(* A first crossing of the level [t] after [a] would be a zero of [g - t]
   approached from below, where [g'] cannot be negative. *)
Lemma lt_after_of_derive_neg_at_level (g g' : R -> R) a t :
  (forall x, is_derive g x (g' x)) -> g a < t ->
  (forall x, a <= x -> g x = t -> g' x < 0) ->
  forall x, a <= x -> g x < t.
Proof.
intros Hg Ha Hlevel b Hab. apply Rnot_le_lt. intros Hb.
set (E := fun x => a <= x /\ forall y, a <= y <= x -> g y < t).
assert (HEa : E a) by (split; [lra|]; intros y Hy; now replace y with a by lra).
assert (HEb : is_upper_bound E b).
{ intros x [_ Hx]. apply Rnot_lt_le. intros Hbx. specialize (Hx b ltac:(lra)). lra. }
destruct (completeness E (ex_intro _ b HEb) (ex_intro _ a HEa)) as [c [Hub Hlub]].
assert (Hbefore : forall y, a <= y < c -> g y < t).
{ intros y Hy. apply NNPP. intros Hny.
  assert (c <= y); [|lra]. apply Hlub. intros x [Hx Hlt].
  apply Rnot_lt_le. intros Hyx. apply Hny, Hlt. lra. }
assert (Hcont : forall x, continuity_pt g x)
  by (intros x; eapply continuity_pt_of_is_derive, Hg).
assert (Hca : a < c).
{ destruct (locally_lt_of_continuity_pt g a t (Hcont a) Ha) as [d [Hd Hnear]].
  assert (a + d / 2 <= c); [|lra]. apply Hub. split; [lra|].
  intros y Hy. apply Hnear. rewrite Rabs_right; lra. }
assert (Hgc : g c = t).
{ destruct (Rtotal_order (g c) t) as [Hlt|[Heq|Hgt]]; [exfalso| exact Heq| exfalso].
  - destruct (locally_lt_of_continuity_pt g c t (Hcont c) Hlt) as [d [Hd Hnear]].
    assert (c + d / 2 <= c); [|lra]. apply Hub. split; [lra|].
    intros y Hy. destruct (Rlt_le_dec y c); [apply Hbefore; lra|].
    apply Hnear. rewrite Rabs_right; lra.
  - destruct (locally_gt_of_continuity_pt g c t (Hcont c) Hgt) as [d [Hd Hnear]].
    destruct (left_point_near a c d Hca Hd) as [y [Hy Hyc]].
    specialize (Hnear y Hyc). specialize (Hbefore y Hy). lra. }
destruct (gt_left_of_derive_neg g c (g' c) (Hg c)) as [d [Hd Hleft]]; [apply Hlevel; lra|].
destruct (left_point_near a c d Hca Hd) as [y [Hy Hyc]].
rewrite Rabs_left in Hyc by lra.
specialize (Hleft y ltac:(lra)). specialize (Hbefore y Hy). lra.
Qed.

Lemma gt_after_of_derive_pos_at_level (g g' : R -> R) a t :
  (forall x, is_derive g x (g' x)) -> t < g a ->
  (forall x, a <= x -> g x = t -> 0 < g' x) ->
  forall x, a <= x -> t < g x.
Proof.
intros Hg Ha Hlevel x Hx.
assert (- g x < - t); [|lra].
apply (lt_after_of_derive_neg_at_level (fun y => - g y) (fun y => - g' y) a); [| lra | | exact Hx].
- intros y. apply (is_derive_opp g), Hg.
- intros y Hy Hgy. assert (0 < g' y) by (apply Hlevel; lra). lra.
Qed.

Lemma affine_lower_bound (g g' : R -> R) a K :
  (forall x, is_derive g x (g' x)) -> (forall x, a <= x -> K <= g' x) ->
  forall x, a <= x -> g a + K * (x - a) <= g x.
Proof.
intros Hg HK x Hx. destruct (Req_dec x a) as [->|Hne]; [lra|].
destruct (MVT_gen g a x g') as [y [Hy Hmvt]].
- intros; apply Hg.
- intros; eapply continuity_pt_of_is_derive, Hg.
- rewrite Rmin_left, Rmax_right in Hy by lra.
  assert (K <= g' y) by (apply HK; lra). nra.
Qed.

Lemma unbounded_of_derive_ge (g g' : R -> R) a K :
  (forall x, is_derive g x (g' x)) -> 0 < K -> (forall x, a <= x -> K <= g' x) ->
  forall M, exists x, a <= x /\ M < g x.
Proof.
intros Hg HK Hge M.
set (x := a + (Rabs (M - g a) + 1) / K).
assert (Hstep : K * (x - a) = Rabs (M - g a) + 1) by (unfold x; field; lra).
assert (Hxa : a <= x).
{ unfold x. assert (0 < (Rabs (M - g a) + 1) / K); [|lra].
  apply Rdiv_lt_0_compat; [pose proof (Rabs_pos (M - g a))|]; lra. }
exists x; split; [exact Hxa|].
pose proof (affine_lower_bound g g' a K Hg Hge x Hxa).
pose proof (Rle_abs (M - g a)). lra.
Qed.

Lemma eventually_lt_of_derive_neg_at_level (g g' : R -> R) a t :
  (forall x, is_derive g x (g' x)) ->
  (forall x, a <= x -> g x = t -> g' x < 0) ->
  ((forall x, a <= x -> t <= g x) ->
     exists K, 0 < K /\ forall x, a <= x -> g' x <= - K) ->
  exists s0, a <= s0 /\ forall x, s0 <= x -> g x < t.
Proof.
intros Hg Hlevel Hrate.
assert (Hdip : exists s0, a <= s0 /\ g s0 < t).
{ apply NNPP. intros Hnone.
  assert (Habove : forall x, a <= x -> t <= g x).
  { intros x Hx. apply Rnot_lt_le. intros Hlt. apply Hnone. now exists x. }
  destruct (Hrate Habove) as [K [HK Hle]].
  destruct (unbounded_of_derive_ge (fun x => - g x) (fun x => - g' x) a K) with (M := - t)
    as [x [Hx Hgt]].
  - intros x. apply (is_derive_opp g), Hg.
  - exact HK.
  - intros x Hx. specialize (Hle x Hx). lra.
  - specialize (Habove x Hx). lra. }
destruct Hdip as [s0 [Hs0 Hlt]]. exists s0; split; [exact Hs0|].
apply (lt_after_of_derive_neg_at_level g g' s0 t Hg Hlt).
intros x Hx. apply Hlevel. lra.
Qed.

Lemma quadratic_le_vertex b k p : 0 < k -> b * p - k * p ^ 2 <= b ^ 2 / (4 * k).
Proof.
intros Hk.
assert (Hsq : b ^ 2 / (4 * k) - (b * p - k * p ^ 2) = (2 * k * p - b) ^ 2 / (4 * k))
  by (field; lra).
assert (0 <= (2 * k * p - b) ^ 2 / (4 * k)); [|lra].
apply Rdiv_le_0_compat; [apply pow2_ge_0|lra].
Qed.

Section LogSlopeSystem.

Variables (W P : R -> R) (a b k c : R).
Hypotheses (a_pos : 0 < a) (k_pos : 0 < k) (c_pos : 0 < c).
Hypothesis W_pos : forall s, 0 < W s.
Hypothesis W_deriv : forall s, is_derive W s (W s * P s).
Let P' s := a + b * P s - k * P s ^ 2 - c * W s * P s.
Hypothesis P_deriv : forall s, is_derive P s (P' s).

Variable s1 : R.
Hypothesis P_s1_pos : 0 < P s1.

Lemma P_pos_after s : s1 <= s -> 0 < P s.
Proof.
apply (gt_after_of_derive_pos_at_level P P' s1 0 P_deriv P_s1_pos).
intros x _ Hx. unfold P'. rewrite Hx. lra.
Qed.

Lemma W_nondecreasing_after x y : s1 <= x -> x <= y -> W x <= W y.
Proof.
intros Hx Hxy.
assert (W x + 0 * (y - x) <= W y); [|lra].
apply (affine_lower_bound W (fun s => W s * P s)); auto.
intros z Hz. pose proof (W_pos z). pose proof (P_pos_after z ltac:(lra)). nra.
Qed.
(* Let $V$ be a reflexive Banach space, $X$ a Banach space, $\gamma\in\mathcal{L}(V,X)$ with $c_\gamma:=\|\gamma\|_{\mathcal{L}(V,X)}$ and adjoint $\gamma^*\colon X^*\to V^*$. Let $A\colon V\to V^*$, $J\colon X\times X\to\mathbb{R}$ and $f\in V^*$ satisfy: (A1) $A$ is linear and bounded; (A2) $\langle Au,v\rangle_{V^*\times V}=\langle Av,u\rangle_{V^*\times V}$ for all $u,v\in V$; (A3) there is $m_A>0$ with $\langle Au,u\rangle_{V^*\times V}\ge m_A\|u\|_V^2$ for all $u\in V$; (J1) $J$ is locally Lipschitz continuous with respect to its second variable; (J2) there exist $c_0,c_1,c_2\ge 0$ with $\|\partial_2 J(w,v)\|_{X^*}\le c_0+c_1\|v\|_X+c_2\|w\|_X$ for all $w,v\in X$; (J3) there exist $m_\alpha,m_L\ge0$ such that $J_2^0(w_1,v_1;v_2-v_1)+J_2^0(w_2,v_2;v_1-v_2)\le m_\alpha\|v_1-v_2\|_X^2+m_L\|w_1-w_2\|_X\|v_1-v_2\|_X$ for all $w_1,w_2,v_1,v_2\in X$; (S) $m_A>(m_\alpha+m_L)c_\gamma^2$. Define $\mathcal{L}\colon V\times V\to\mathbb{R}$ by $\mathcal{L}(w,v)=\tfrac12\langle Av,v\rangle_{V^*\times V}-\langle f,v\rangle_{V^*\times V}+J(\gamma w,\gamma v)$. Then there exists a unique $u\in V$ such that $0\in\partial_2\mathcal{L}(u,u)$.
   Context: For a locally Lipschitz function $g$ on a Banach space $Y$, the generalized (Clarke) directional derivative at $x$ in direction $v$ is $g^0(x;v)=\limsup_{y\to x,\lambda\searrow0}\frac{g(y+\lambda v)-g(y)}{\lambda}$, and the Clarke subdifferential is $\partial g(x)=\{\xi\in Y^*:\langle\xi,v\rangle\le g^0(x;v)\ \forall v\in Y\}$. For a function of two variables, $\partial_2$ and $(\cdot)_2^0$ denote the Clarke subdifferential and generalized directional derivative with respect to the second variable. $\|\partial_2J(w,v)\|_{X^*}$ denotes $\sup\{\|\xi\|_{X^*}:\xi\in\partial_2J(w,v)\}$. *)

From HB Require Import structures.
From mathcomp Require Import all_boot all_order all_algebra.
From mathcomp Require Import all_classical all_reals all_analysis.
Set Implicit Arguments. Unset Strict Implicit. Unset Printing Implicit Defensive.
Import Order.TTheory GRing.Theory Num.Theory.
Import numFieldNormedType.Exports.
Local Open Scope classical_set_scope.
Local Open Scope ring_scope.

§ Problem to work on
Go through the material above and report each line containing "Hleft".

§ Solution for this task
destruct (gt_left_of_derive_neg g c (g' c) (Hg c)) as [d [Hd Hleft]]; [apply Hlevel; lra|].
specialize (Hleft y ltac:(lra)). specialize (Hbefore y Hy). lra.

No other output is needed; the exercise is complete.